(* Fix an agent $i$ in an $N$-agent Markov game with finite state space $\mathcal S$ and finite action spaces, and fix the other agents' joint policy to be the demonstrator policy $\pi_E^{(-i)}$. Let $\lambda>0$ and let $\psi:\mathbb R^{\mathcal S\times\mathcal A^{(1)}\times\cdots\times\mathcal A^{(N)}}\to\overline{\mathbb R}$ be a closed proper convex function. Define $$\mathrm{RL}^{(i)}(r^{(i)})=\arg\max_{\pi^{(i)}}\ \lambda H(\pi^{(i)})+\mathbb E_{\pi^{(i)},\pi_E^{(-i)}}[r^{(i)}(s,a^{(i)},a^{(-i)})],$$ $$\mathrm{IRL}^{(i)}_\psi(\pi_E^{(i)})=\arg\max_{r^{(i)}}\ -\psi(r^{(i)})-\max_{\pi^{(i)}}\big(\lambda H(\pi^{(i)})+\mathbb E_{\pi^{(i)},\pi_E^{(-i)}}[r^{(i)}]\big)+\mathbb E_{\pi_E}[r^{(i)}],$$ and assume the optimizers involved are unique. Then the policy obtained by running $\mathrm{RL}^{(i)}$ on the reward recovered by $\mathrm{IRL}^{(i)}_\psi$ satisfies $$\mathrm{RL}^{(i)}\circ\mathrm{IRL}^{(i)}_\psi(\pi_E^{(i)})=\arg\min_{\pi^{(i)}}\ -\lambda H(\pi^{(i)})+\psi^*\big(\rho_{\pi^{(i)},\pi_E^{(-i)}}-\rho_{\pi_E}\big),$$ i.e. this IRL problem is the dual of an occupancy-measure matching problem with regularizer $\psi$, and the induced policy is its primal optimum.
   Context: A Markov game with $N$ agents is $\langle N,\mathcal S,\mathcal A^{(1)},\dots,\mathcal A^{(N)},P,r^{(1)},\dots,r^{(N)},\rho_0,\gamma\rangle$ with transition kernel $P$, initial-state distribution $\rho_0$, discount $\gamma\in[0,1)$, and rewards $r^{(i)}:\mathcal S\times\mathcal A^{(1)}\times\cdots\times\mathcal A^{(N)}\to\mathbb R$. Agent $i$ has policy $\pi^{(i)}(a^{(i)}\mid s)$; $-i$ denotes all agents other than $i$; $\pi=(\pi^{(i)},\pi^{(-i)})$ is the joint policy, and $\pi_E=(\pi_E^{(i)},\pi_E^{(-i)})$ is the demonstrators' joint policy. For any $f$, $\mathbb E_{\pi}[f(s,a)]=\mathbb E[\sum_{t\ge0}\gamma^t f(s_t,a_t)]$ with $s_0\sim\rho_0$, $a_t\sim\pi(\cdot\mid s_t)$, $s_{t+1}\sim P(\cdot\mid s_t,a_t)$. $H(\pi^{(i)})$ is the $\gamma$-discounted causal entropy $\mathbb E_{\pi}[-\log\pi^{(i)}(a^{(i)}\mid s)]$. The occupancy measure of a joint policy $\pi$ is $\rho_\pi(s,a)=\pi(a\mid s)\sum_{t\ge0}\gamma^tP(s_t=s\mid\pi)$, and $\rho_{\pi^{(i)},\pi^{(-i)}}$ denotes $\rho_\pi$ for $\pi=(\pi^{(i)},\pi^{(-i)})$. The conjugate is taken with the sign convention adapted to rewards: $\psi^*(x)=\sup_{r}\big(-\langle x,r\rangle-\psi(r)\big)$, where $\langle x,r\rangle=\sum_{s,a}x(s,a)r(s,a)$. *)

From HB Require Import structures.
From mathcomp Require Import all_boot.
From Stdlib Require Import Reals ClassicalEpsilon.
Set Implicit Arguments. Unset Strict Implicit. Unset Printing Implicit Defensive.
Open Scope R_scope.

Definition fsum (T : finType) (f : T -> R) : R := \big[Rplus/R0]_(x : T) f x.

Definition series (u : nat -> R) : R :=
  epsilon (inhabits R0) (fun l => Un_cv (fun n => sum_f_R0 u n) l).

Inductive Rbar := Fin (x : R) | PInf | NInf.

Definition Rbar_le (x y : Rbar) : Prop :=
  match x, y with
  | NInf, _ => True
  | _, PInf => True
  | Fin a, Fin b => a <= b
  | _, _ => False
  end.

Definition Rbar_opp (x : Rbar) : Rbar :=
  match x with Fin a => Fin (- a) | PInf => NInf | NInf => PInf end.

(* convention: (+oo) + (-oo) = -oo  (never used in non-degenerate cases) *)
Definition Rbar_plus (x y : Rbar) : Rbar :=
  match x, y with
  | Fin a, Fin b => Fin (a + b)
  | NInf, _ | _, NInf => NInf
  | _, _ => PInf
  end.

Definition is_lub_Rbar (E : Rbar -> Prop) (l : Rbar) : Prop :=
  (forall x, E x -> Rbar_le x l) /\
  (forall b, (forall x, E x -> Rbar_le x b) -> Rbar_le l b).

Definition Rbar_sup (E : Rbar -> Prop) : Rbar := epsilon (inhabits NInf) (is_lub_Rbar E).

Definition inner (X : finType) (x r : X -> R) : R := fsum (fun z => x z * r z).

Definition proper_fun (X : finType) (psi : (X -> R) -> Rbar) : Prop :=
  (forall r, psi r <> NInf) /\ (exists r, psi r <> PInf).

(* convexity = convexity of the epigraph *)
Definition convex_fun (X : finType) (psi : (X -> R) -> Rbar) : Prop :=
  forall (x y : X -> R) (a b t : R), 0 <= t <= 1 ->
    Rbar_le (psi x) (Fin a) -> Rbar_le (psi y) (Fin b) ->
    Rbar_le (psi (fun z => t * x z + (1 - t) * y z)) (Fin (t * a + (1 - t) * b)).

(* closed = all sublevel sets are closed (lower semicontinuity) *)
Definition closed_fun (X : finType) (psi : (X -> R) -> Rbar) : Prop :=
  forall (xn : nat -> X -> R) (x : X -> R) (a : R),
    (forall z, Un_cv (fun n => xn n z) (x z)) ->
    (forall n, Rbar_le (psi (xn n)) (Fin a)) ->
    Rbar_le (psi x) (Fin a).

(* convex conjugate, sign convention adapted to rewards:
   psi^*(x) = sup_r ( - <x, r> - psi(r) ) *)
Definition conj_fun (X : finType) (psi : (X -> R) -> Rbar) (x : X -> R) : Rbar :=
  Rbar_sup (fun v => exists r : X -> R, v = Rbar_plus (Fin (- inner x r)) (Rbar_opp (psi r))).

Section Game.
Variables (N : nat) (St : finType) (A : 'I_N -> finType).

Definition jact := {dffun forall j : 'I_N, A j}.
Definition SA : finType := (St * jact)%type.

Definition is_dist (T : finType) (p : T -> R) : Prop :=
  (forall x, 0 <= p x) /\ fsum p = 1.

Definition is_policy (T : finType) (pi : St -> T -> R) : Prop :=
  forall s, is_dist (pi s).

Definition is_kernel (P : St -> jact -> St -> R) : Prop :=
  forall s a, is_dist (P s a).

(* joint policy (pi^(i), pi^(-i)) with pi^(-i) given by the other agents' policies
   piE j, j <> i (agents act independently given the state) *)
Definition jpol (i : 'I_N) (pii : St -> A i -> R) (piE : forall j, St -> A j -> R)
  (s : St) (a : jact) : R :=
  pii s (a i) * \big[Rmult/R1]_(j | j != i) piE j s (a j).

Fixpoint state_dist (P : St -> jact -> St -> R) (rho0 : St -> R) (pi : St -> jact -> R)
  (t : nat) (s' : St) : R :=
  match t with
  | O => rho0 s'
  | S t => fsum (fun s => fsum (fun a =>
             state_dist P rho0 pi t s * pi s a * P s a s'))
  end.

Definition expect P rho0 (gamma : R) (pi : St -> jact -> R) (f : St -> jact -> R) : R :=
  series (fun t => gamma ^ t *
    fsum (fun s => fsum (fun a => state_dist P rho0 pi t s * pi s a * f s a))).

Definition occ P rho0 (gamma : R) (pi : St -> jact -> R) (sa : SA) : R :=
  pi sa.1 sa.2 * series (fun t => gamma ^ t * state_dist P rho0 pi t sa.1).

Definition causal_entropy P rho0 gamma (i : 'I_N) (pii : St -> A i -> R)
  (pi : St -> jact -> R) : R :=
  expect P rho0 gamma pi (fun s a => - ln (pii s (a i))).

End Game.

(* Let r_irl be the IRL reward and pi_rl = RL(r_irl) its unique RL optimum. Danskin's
   theorem, which applies because policies form a compact set on which the causal
   entropy and the expected returns are continuous, differentiates the RL value at r_irl
   with derivative E_{pi_rl}. With the convexity of psi, optimality of r_irl then yields
   psi(r_irl) - psi(r) <= E_{pi_rl}[r - r_irl] - E_{pi_E}[r - r_irl] for every r, i.e.
   r_irl attains the supremum defining psi^*(rho_{pi_rl} - rho_E), expected returns
   being inner products with occupancy measures. For any other policy pi, r_irl is only
   one candidate in that supremum, so -lam H(pi) + psi^*(rho_pi - rho_E) is at least
   -(lam H(pi) + E_pi[r_irl]) + E_{pi_E}[r_irl] - psi(r_irl), with equality at pi_rl.
   Since pi_rl maximises lam H + E[r_irl], it minimises the primal objective, and
   uniqueness of the primal optimum concludes. *)

From HB Require Import structures.
From mathcomp Require Import all_boot zify.
From Stdlib Require Import Reals Lra Psatz ClassicalEpsilon Classical FunctionalExtensionality.
Set Implicit Arguments. Unset Strict Implicit. Unset Printing Implicit Defensive.
Open Scope R_scope.

HB.instance Definition _ := Monoid.isComLaw.Build R R0 Rplus
  (fun x y z => esym (Rplus_assoc x y z)) Rplus_comm Rplus_0_l.
HB.instance Definition _ := Monoid.isComLaw.Build R R1 Rmult
  (fun x y z => esym (Rmult_assoc x y z)) Rmult_comm Rmult_1_l.
HB.instance Definition _ := Monoid.isMulLaw.Build R R0 Rmult Rmult_0_l Rmult_0_r.
HB.instance Definition _ :=
  Monoid.isAddLaw.Build R Rmult Rplus Rmult_plus_distr_r Rmult_plus_distr_l.

Lemma cv_const (c : R) : Un_cv (fun _ => c) c.
Proof. by move=> e e_gt0; exists 0%nat => n _; rewrite /R_dist Rminus_diag Rabs_R0. Qed.

Section FiniteSums.
Variable T : finType.
Implicit Types f g : T -> R.

Lemma fsum_ext f g : (forall x, f x = g x) -> fsum f = fsum g.
Proof. by move=> fg; apply: eq_bigr => x _. Qed.

Lemma fsumD f g : fsum (fun x => f x + g x) = fsum f + fsum g.
Proof. exact: big_split. Qed.

Lemma fsumZ c f : fsum (fun x => c * f x) = c * fsum f.
Proof. by rewrite /fsum big_distrr. Qed.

============================================================

* TASK DIRECTIONS *
Copy from the entries only those lines that hold the word "Stdlib".

* REPLY TO THE EXERCISE *
From Stdlib Require Import Reals ClassicalEpsilon.
From Stdlib Require Import Reals Lra Psatz ClassicalEpsilon Classical FunctionalExtensionality.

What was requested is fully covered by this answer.